Sente que foi uma medida para “calar” a opinião pública?
Acho que temos de ser sérios e o Governo tem que ser sério do ponto de vista de dizer se queremos empresas fortes. Julgo que estamos todos de acordo, no sentido em que queremos empresas sólidas, a criar emprego, a investir em inovação e em formação. Acho que nisso estamos todos de acordo, ir no populismo de criticar empresas pelo seu bom desempenho e querer com isso que as empresas paguem mais é já o que está a acontecer. Até porque a APED fechou um contrato coletivo de trabalho com um dos sindicatos do setor em setembro, em que tivemos um aumento médio de quase 5% na massa salarial e no salário de entrada 9%, com a garantia de que para o ano pagaríamos sempre cinco euros a mais do salário mínimo nacional nos nossos lugares de entrada no setor, quer em 2023, quer em 2024. Se queremos aumentar salários, criar emprego, investir em inovação e em formação é necessário que as empresas tenham resultados sólidos para fazer esse tipo de investimento.

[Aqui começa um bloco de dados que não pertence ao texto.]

(* theta(p) = lim_n crossing_prob p n (decreasing), so theta(p) = 0 iff
   crossing probabilities become arbitrarily small. *)
Definition no_percolation (R : realType) (oriented : bool) (d : nat) (p : R)
  : Prop := forall eps : R, 0 < eps -> exists n, crossing_prob oriented d n p < eps.

Definition pc (R : realType) (d : nat) : R :=
  sup [set p : R | 0 <= p <= 1 /\ no_percolation false d p].
Definition pc_oriented (R : realType) (d : nat) : R :=
  sup [set p : R | 0 <= p <= 1 /\ no_percolation true d p].

Local Open Scope ereal_scope.

Definition law_support (d : measure_display) (Omega : measurableType d)
  (R : realType) (P : probability Omega R) (tau : Omega -> \bar R)
  : set (\bar R) :=
  [set t | forall U : set (\bar R), open U -> U t -> 0 < P (tau @^-1` U)].

Definition t_min (d : measure_display) (Omega : measurableType d)
  (R : realType) (P : probability Omega R) (tau : Omega -> \bar R) : \bar R :=
  ereal_inf (law_support P tau).

Definition useful (d : measure_display) (Omega : measurableType d)
  (R : realType) (dim : nat) (P : probability Omega R) (tau : Omega -> \bar R)
  : Prop :=
  let tm := t_min P tau in
  (tm = 0 -> P [set w | tau w = tm] < (pc R dim)%:E) /\
  (0 < tm -> P [set w | tau w = tm] < (pc_oriented R dim)%:E).

(* g is a version of E[X | sigma(tau)] for a [0,+oo]-valued X:
   g is [0,+oo]-valued, sigma(tau)-measurable and has the same integrals
   as X on every event of sigma(tau). *)
Definition cond_exp_version (d : measure_display) (Omega : measurableType d)
  (R : realType) (P : probability Omega R) (tau X g : Omega -> \bar R) : Prop :=
  (forall w, 0 <= g w) /\
  (forall B : set (\bar R), measurable B ->
     exists C : set (\bar R), measurable C /\ tau @^-1` C = g @^-1` B) /\
  (forall C : set (\bar R), measurable C ->
     \int[P]_(w in tau @^-1` C) X w = \int[P]_(w in tau @^-1` C) g w).

Definition cond_prob_version (d : measure_display) (Omega : measurableType d)
  (R : realType) (P : probability Omega R) (tau : Omega -> \bar R)
  (A : set Omega) (g : Omega -> \bar R) : Prop :=
  cond_exp_version P tau (fun w => (\1_A w)%:E) g.

(* Since E[taut | tau] = tau, the variable taut cannot dominate tau almost
   surely on {tau < oo}: it would then equal tau there, and with
   {tau < oo} = {taut < oo} the two laws would coincide.  Hence some drop event
   {tau <= N, taut <= tau - 2 delta} has probability p > 0.  On a
   sigma(tau)-event E inside {tau <= N}, the martingale identity
   int_E taut = int_E tau bounds 2 delta P(drop, E) by the integral of taut
   over E /\ {taut >= tau}; by uniform integrability of taut on {tau <= N} this
   is small once P(taut >= tau | tau) < beta on E, for beta small.  So at most
   p/4 of the drop mass lies where P(taut >= tau | tau) < beta, at most
   beta <= p/4 lies where P(drop | tau) < beta, and the remaining mass lies in
   the event of the conclusion. *)

From HB Require Import structures.
From mathcomp Require Import all_boot all_order all_algebra.
From mathcomp Require Import all_classical all_reals all_analysis measurable_realfun.
From mathcomp Require Import lra.
Import Order.TTheory GRing.Theory Num.Theory.
Local Open Scope classical_set_scope.
Local Open Scope ring_scope.
Local Open Scope ereal_scope.

Section extended_real_inequalities.
Context {R : realType}.
Implicit Types (x y s t : \bar R).

Lemma lee_of_lt_addinv x y :
  (forall k : nat, x < y + (k.+1%:R^-1)%:E) -> x <= y.
Proof.
case: y => [s| |] h; [|by rewrite leey|by have := h 0%N; rewrite /= ltNge leNye].
case: x h => [r| |] h; [|by have := h 0%N; rewrite ltNge leey|by rewrite leNye].
rewrite lee_fin leNgt; apply/negP => /ltr_add_invr[k].
by move=> sr; have := h k; rewrite -EFinD lte_fin => /(lt_trans sr); rewrite ltxx.
Qed.

Lemma lee_drop_rise (e : R) t s : (0 <= e)%R -> 0 <= t -> 0 <= s ->
  e%:E * ((s <= t - e%:E)%E%:R)%:E + s <= t + s * ((t <= s)%E%:R)%:E.
Proof.
move=> e0; case: t => [t| |] // t0; case: s => [s| |] // s0.
- rewrite -EFinB !lee_fin in t0 s0 *.
  have [h1|h1] := leP s (t - e)%R; have [h2|h2] := leP t s;
    rewrite /=; lra.
- by rewrite leey /= mule1 addey ?leey.
- by rewrite [leRHS]addye ?leey // -EFinM; apply: fin_num_ninfty.
- by rewrite [leRHS]addye ?leey // mule1.
Qed.

Lemma ltey_exists_natr {x} : x < +oo -> exists N : nat, x <= N%:R%:E.
Proof.
case: x => [r| |]; [move=> _|by rewrite ltxx|by exists 0%N; rewrite leNye].
exists (Num.bound `|r|); rewrite lee_fin (le_trans (ler_norm r)) // ltW //.
exact: archi_boundP.
Qed.

Lemma emeasurable_le (r : \bar R) : measurable [set x : \bar R | x <= r].
Proof. by have := emeasurable_itv `]-oo, r]; congr measurable. Qed.

Lemma emeasurable_lt (r : \bar R) : measurable [set x : \bar R | x < r].
Proof. by have := emeasurable_itv `]-oo, r[; congr measurable. Qed.

Lemma emeasurable_ge (r : \bar R) : measurable [set x : \bar R | r <= x].
Proof.
rewrite (_ : [set x | r <= x] = ~` [set x | x < r]).
  exact/measurableC/emeasurable_lt.
by apply/seteqP; split => x /=; rewrite leNgt => /negP.
Qed.

End extended_real_inequalities.

Lemma indic_boolE (T : Type) (R : pzRingType) (b : T -> bool) w :
  \1_[set x | b x] w = (b w)%:R :> R.
Proof.
by rewrite indicE (_ : w \in _ = b w) //; apply/idP/idP => [/set_mem|/mem_set].
Qed.

Section measure_integrals.
Context {d} {T : measurableType d} {R : realType} {mu : {measure set T -> \bar R}}.

Lemma ge0_le_integral_balanced (E : set T) (a b u v : T -> \bar R) :
  measurable E ->
  measurable_fun setT a -> measurable_fun setT b ->
  measurable_fun setT u -> measurable_fun setT v ->
  (forall w, 0 <= a w) -> (forall w, 0 <= b w) ->
  (forall w, 0 <= u w) -> (forall w, 0 <= v w) ->
  \int[mu]_(w in E) a w = \int[mu]_(w in E) b w ->
  \int[mu]_(w in E) a w \is a fin_num ->
  {ae mu, forall w, E w -> u w + a w <= b w + v w} ->
  \int[mu]_(w in E) u w <= \int[mu]_(w in E) v w.
Proof.
move=> mE mfa mfb mfu mfv a0 b0 u0 v0 ab abfin uavb.
have := @ae_ge0_le_integral _ _ _ mu E mE (fun w => u w + a w)
  (fun w => b w + v w) _
  (emeasurable_funD (measurable_funTS mfu) (measurable_funTS mfa)) _
  (emeasurable_funD (measurable_funTS mfb) (measurable_funTS mfv)) uavb.
- rewrite !ge0_integralD //; try exact: measurable_funTS.
  rewrite -ab addeC leeD2lE //; apply.
- by move=> w _; exact: adde_ge0.
- by move=> w _; exact: adde_ge0.
Qed.

Lemma ge0_integral_continuous {f : T -> \bar R} {e : R} :
  mu.-integrable setT f -> (forall x, 0 <= f x) ->
  (0 < e)%R -> exists2 r : R, (0 < r)%R &
    forall A, measurable A -> mu A < r%:E -> \int[mu]_(x in A) f x < e%:E.
Proof.
move=> intf f0 e0.
have := dominates_induced intf; set nu := induced_charge _ => nuP.
have [Pp [Nn pn]] := Hahn_decomposition nu.
have [r [r0 re]] := charge_variation_continuous pn nuP e0.
exists r => // A mA Ar; apply: le_lt_trans (re _ mA Ar).
apply: le_trans (abse_charge_variation _ _) => //=.
rewrite /induced_charge /= gee0_abs ?integral_ge0 //.
by rewrite [leRHS](eq_integral f) // => x _; rewrite /= gee0_abs.
Qed.

Lemma ge0_integral_fin_num_bounded (nu : {finite_measure set T -> \bar R})
    (E : set T) (f : T -> \bar R) (M : R) :
  measurable E -> measurable_fun E f -> (forall w, E w -> 0 <= f w) ->
  (forall w, E w -> f w <= M%:E) -> \int[nu]_(w in E) f w \is a fin_num.
Proof.
move=> mE mf f0 fM.
rewrite ge0_fin_numE ?integral_ge0 //.
apply: le_lt_trans (ge0_le_integral nu mE f0 mf (measurable_cst M%:E) fM) _.
by rewrite integral_cst // ltey_eq fin_numM // fin_num_measure.
Qed.

Lemma le_measure_cover3 {A B C D : set T} :
  measurable A -> measurable B -> measurable C -> measurable D ->
  A `<=` B `|` C `|` D -> mu A <= mu B + mu C + mu D.
Proof.
move=> mA mB mC mD ABCD; have mBC := measurableU _ _ mB mC.
apply: le_trans (le_measure _ _ _ ABCD) _; rewrite ?inE //; first exact: measurableU.
apply: le_trans (measureU2 _ mBC mD) _.
by rewrite leeD2r // measureU2.
Qed.

Lemma ae_eq_preimage_measure (f g : T -> \bar R) (B : set (\bar R)) :
  measurable_fun setT f -> measurable_fun setT g -> measurable B ->
  {ae mu, forall w, f w = g w} -> mu (f @^-1` B) = mu (g @^-1` B).
Proof.
move=> mf mg mB fg.
have mpre (h : T -> \bar R) : measurable_fun setT h -> measurable (h @^-1` B).
  by move=> mh; rewrite -[X in measurable X]setTI; exact: mh.
rewrite -(setIT (f @^-1` B)) -(setIT (g @^-1` B)) -!integral_indic //; try exact: mpre.
apply: ae_eq_integral => //.
- exact/measurable_EFinP/measurable_indic/mpre.
- exact/measurable_EFinP/measurable_indic/mpre.
- apply: filterS fg => w fgw _; rewrite !indicE.
  suff -> : (w \in f @^-1` B) = (w \in g @^-1` B) by [].
  by apply/idP/idP; rewrite !in_setE /preimage /= fgw.
Qed.

End measure_integrals.

Section tau_events.
Context {d} {T : measurableType d} {R : realType} (P : probability T R).
Variable tau : T -> \bar R.
Hypothesis mtau : measurable_fun setT tau.
Fixpoint chebU (t : R) (k : nat) : R :=
  match k with
  | 0 => 1
  | 1 => 2 * t
  | (k'.+1 as k1).+1 => 2 * t * chebU t k1 - chebU t k'
  end.

Definition Pstar (alpha beta1 beta2 : R) (k : nat) (x : R) : R :=
  (beta1 * beta2) ^+ k *
  chebU (((x - alpha) ^+ 2 - beta1 ^+ 2 - beta2 ^+ 2) / (2 * beta1 * beta2)) k.

Definition chi (n : nat) (M : 'M[R]_n) (x : R) : R := \det (x%:M - M).

End Defs.


(* The characteristic polynomial of a symmetric tridiagonal matrix is the
   continuant of its entries: it obeys the three-term recurrence of the
   determinant and splits at any index p into a product of the continuants of
   the two blocks, corrected by the coupling o_p^2.  Splitting the defect matrix
   just after its centre resonator gives the second identity.  Perturbing the two
   end diagonal entries of a continuant is bilinear in the perturbations, and for
   constant diagonal z and alternating off-diagonal entries the odd and even
   continuants are z P*_k and P*_(k+1) + beta2^2 P*_k, because P*_k satisfies
   P*_(k+2) = (z^2 - beta1^2 - beta2^2) P*_(k+1) - (beta1 beta2)^2 P*_k.
   Rewriting every factor in this way yields the first and third identities. *)

From HB Require Import structures.
From mathcomp Require Import all_boot all_order all_algebra.
From mathcomp Require Import zify ring.
Set Implicit Arguments. Unset Strict Implicit. Unset Printing Implicit Defensive.
Import Order.TTheory GRing.Theory Num.Theory.
Local Open Scope ring_scope.

Lemma nat_ind2 (P : nat -> Prop) :
  P 0%N -> P 1%N -> (forall n, P n -> P n.+1 -> P n.+2) -> forall n, P n.
Proof.
move=> P0 P1 PSS n; suff: P n /\ P n.+1 by case.
by elim: n => [|n [Pn PSn]]; split; last exact: PSS.
Qed.

Section Continuant.
Variable R : comPzRingType.
Implicit Types d o : nat -> R.

(* Indices are 1-based as in [tridiag]: [continuant d o n] is the determinant
   with diagonal d_1..d_n and off-diagonal o_1..o_(n-1). *)
Fixpoint continuant d o n : R :=
  match n with
  | 0 => 1
  | 1 => d 1%N
  | (k.+1 as n1).+1 => d n1.+1 * continuant d o n1 - o n1 ^+ 2 * continuant d o k
  end.

Lemma continuantSS d o n :
  continuant d o n.+2 = d n.+2 * continuant d o n.+1 - o n.+1 ^+ 2 * continuant d o n.
Proof. by []. Qed.

Lemma continuant_ext d o d' o' n :
  (forall i, (0 < i <= n)%N -> d i = d' i) ->
  (forall i, (0 < i < n)%N -> o i ^+ 2 = o' i ^+ 2) ->
  continuant d o n = continuant d' o' n.
Proof.
move=> eq_d eq_o; suff: forall j, (j <= n)%N -> continuant d o j = continuant d' o' j by apply.
elim/nat_ind2 => [||j IHj IHSj] le_jn; [by [] | by apply: eq_d; lia |].
by rewrite !continuantSS IHj ?IHSj ?eq_d ?eq_o //; lia.
Qed.

Lemma continuant0 d o : continuant d o 0 = 1.
Proof. by []. Qed.

Lemma continuant1 d o : continuant d o 1 = d 1%N.
Proof. by []. Qed.

Lemma continuant_split d o p q : (0 < p)%N ->
  continuant d o (p + q.+1) =
    continuant d o p * continuant (fun i => d (p + i)%N) (fun i => o (p + i)%N) q.+1
    - o p ^+ 2 * continuant d o p.-1
      * continuant (fun i => d (p.+1 + i)%N) (fun i => o (p.+1 + i)%N) q.
Proof.
case: p => // p _; rewrite [p.+1.-1]/=; elim/nat_ind2: q => [||q IHq IHSq].
- by rewrite addn1 continuantSS !continuant1 continuant0 addn1 mulr1 mulrC.
- rewrite addn2 !continuantSS !continuant1 continuant0; cbv beta.
  rewrite !addSn !addnS !addn0; ring.
have -> : (p.+1 + q.+3 = (p.+1 + q.+1).+2)%N by rewrite !addnS.
rewrite continuantSS -addnS IHSq -addnS IHq !continuantSS; cbv beta.
rewrite !addSn !addnS; ring.
Qed.

Lemma continuant_perturb_first d o a n :
  continuant (fun i => d i - (if i == 1%N then a else 0)) o n.+1
  = continuant d o n.+1 - a * continuant (fun i => d i.+1) (fun i => o i.+1) n.
Proof.
elim/nat_ind2: n => [||n IHn IHSn].
- by rewrite !continuant1 continuant0 mulr1.
- by rewrite !continuantSS !continuant1 continuant0 /= subr0 mulr1; ring.
by rewrite continuantSS IHSn IHn subr0 !continuantSS; ring.
Qed.

Lemma continuant_perturb_last d o b n :
  continuant (fun i => d i - (if i == n.+1 then b else 0)) o n.+1
  = continuant d o n.+1 - b * continuant d o n.
Proof.
case: n => [|n]; first by rewrite !continuant1 continuant0 mulr1.
have unperturbed k : (k <= n.+1)%N ->
    continuant (fun i => d i - (if i == n.+2 then b else 0)) o k = continuant d o k.
  move=> le_kn; apply: continuant_ext => // i /andP[_ le_ik].
  by rewrite ltn_eqF ?subr0 //; lia.
by rewrite !continuantSS eqxx !unperturbed //; ring.
Qed.

Lemma continuant_perturb_ends d o a b n :
  continuant (fun i => d i - (if i == 1%N then a else 0) - (if i == n.+2 then b else 0)) o n.+2
  = continuant d o n.+2 - a * continuant (fun i => d i.+1) (fun i => o i.+1) n.+1
    - b * continuant d o n.+1 + a * b * continuant (fun i => d i.+1) (fun i => o i.+1) n.
Proof.
rewrite (continuant_perturb_last (fun i => d i - (if i == 1%N then a else 0))).
by rewrite !continuant_perturb_first; ring.
Qed.

Definition alternating (c1 c2 : R) (i : nat) : R := if odd i then c1 else c2.

Lemma alternatingS c1 c2 i : alternating c1 c2 i.+1 = alternating c2 c1 i.
Proof. by rewrite /alternating /=; case: odd. Qed.

Lemma continuant_const_alternating (z c1 c2 : R) (Q : nat -> R) :
  Q 0%N = 1 -> Q 1%N = z ^+ 2 - c1 ^+ 2 - c2 ^+ 2 ->
  (forall k, Q k.+2 = (z ^+ 2 - c1 ^+ 2 - c2 ^+ 2) * Q k.+1 - (c1 * c2) ^+ 2 * Q k) ->
  forall k, continuant (fun=> z) (alternating c1 c2) k.*2.+1 = z * Q k
         /\ continuant (fun=> z) (alternating c1 c2) k.+1.*2 = Q k.+1 + c2 ^+ 2 * Q k.
Proof.
move=> Q0 Q1 QSS; elim=> [|k [K_odd K_even]].
  by rewrite continuantSS !continuant1 continuant0 Q0 Q1 /alternating /=; split; ring.
have K_odd' : continuant (fun=> z) (alternating c1 c2) k.+1.*2.+1 = z * Q k.+1.
  by rewrite doubleS continuantSS -doubleS K_even K_odd /alternating odd_double; ring.
split=> //; rewrite doubleS continuantSS K_odd' K_even QSS.
by rewrite /alternating /= odd_double /=; ring.
Qed.
End Continuant.

Lemma bump_lt h i : (i < h)%N -> bump h i = i.
Proof. by rewrite /bump; case: leqP. Qed.

Lemma bump_ge h i : (h <= i)%N -> bump h i = i.+1.
Proof. by rewrite /bump => ->. Qed.

Section Tridiagonal.
Variable R : realFieldType.
Implicit Types d o : nat -> R.

Lemma tridiag_minor_last n d o :
  row' ord_max (col' ord_max (tridiag n.+1 d o)) = tridiag n d o.
Proof. by apply/matrixP => i j; rewrite !mxE /= !bump_lt. Qed.

Lemma det_tridiag_minor_subdiag n d o :
  \det (row' ord_max (col' (widen_ord (leqnSn n.+1) ord_max) (tridiag n.+2 d o)))
  = o n.+1 * \det (tridiag n d o).
Proof.
rewrite (expand_det_col _ ord_max) big_ord_recr /= big1 ?add0r; last first.
  move=> i _; rewrite !mxE /= bump_lt ?bump_ge //; have := ltn_ord i; last lia.
  by move=> lt_in; rewrite !ifF ?mul0r //; apply/negbTE/eqP; lia.
rewrite !mxE /= bump_lt // bump_ge // eqxx ifF; last by apply/negbTE/eqP; lia.
congr (_ * _); rewrite /cofactor -signr_odd addnn odd_double expr0 mul1r.
congr (\det _); apply/matrixP => i j; rewrite !mxE /=.
have lt_in : (i < n)%N := ltn_ord i; have lt_jn : (j < n)%N := ltn_ord j.
by rewrite !bump_lt // ltnW.
Qed.

Lemma det_tridiagSS n d o :
  \det (tridiag n.+2 d o)
  = d n.+2 * \det (tridiag n.+1 d o) - o n.+1 ^+ 2 * \det (tridiag n d o).
Proof.
rewrite (expand_det_row _ ord_max) !big_ord_recr /= big1 ?add0r; last first.
  move=> j _; have := ltn_ord j; rewrite !mxE /= => lt_jn.
  by rewrite !ifF ?mul0r //; apply/negbTE/eqP; lia.
rewrite !mxE /= eqxx !ifF; try by apply/negbTE/eqP; lia.
rewrite /cofactor det_tridiag_minor_subdiag tridiag_minor_last.
have sign_odd : (-1) ^+ (n.+1 + n) = -1 :> R.
  by rewrite -signr_odd addSn addnn /= odd_double.
have sign_even : (-1) ^+ (n.+1 + n.+1) = 1 :> R.
  by rewrite -signr_odd addnn odd_double.
rewrite sign_odd sign_even; ring.
Qed.

Lemma det_tridiag n d o : \det (tridiag n d o) = continuant d o n.
Proof.
elim/nat_ind2: n => [||n IHn IHSn]; first by rewrite det_mx00.
  by rewrite det_mx11 mxE.
by rewrite det_tridiagSS IHn IHSn.
Qed.

Lemma chi_tridiag n d o x : chi (tridiag n d o) x = continuant (fun i => x - d i) o n.
Proof.
rewrite (@continuant_ext _ _ o (fun i => x - d i) (fun i => - o i)) //; last first.
  by move=> i _; rewrite sqrrN.
rewrite /chi -det_tridiag; congr (\det _); apply/matrixP => i j; rewrite !mxE.
case: (i =P j) => [->|/eqP ne_ij]; first by rewrite eqxx mulr1n.
have -> : (i == j :> nat) = false by exact: negbTE.
rewrite mulr0n sub0r.
by case: ifP => _ //; case: ifP => _ //; rewrite oppr0.
Qed.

E esse imposto extraordinário será a acumular com o que já pagam com a taxa de segurança alimentar para estabelecimentos com área igual ou superior a dois mil metros quadrados….
Temos a taxa de segurança alimentar, a derrama estadual e temos das cargas fiscais mais altas da Europa. E é por isso que, mesmo nos outros países, quando se discute este tema e tem sido muito discutido, tem-se chegado à conclusão que as empresas já são taxadas nos seus resultados, nos seus lucros e nesses países até têm uma carga fiscal inferior à nossa. Agora querem criar mais um fardo para um conjunto de empresas que têm feito tudo para garantir que a cadeia de abastecimento não é corrompida e que esteja a funcionar. Tudo isto causa-nos alguma surpresa, mas estamos a aguardar o que vai acontecer nos próximos dias.
O encontro irá realizar-se nos próximos dias ou ainda não há datas?
O primeiro-ministro disse que a seguir ao debate ia começar a trabalhar no assunto, deduzo que ainda não tiveram tempo e estamos a aguardar.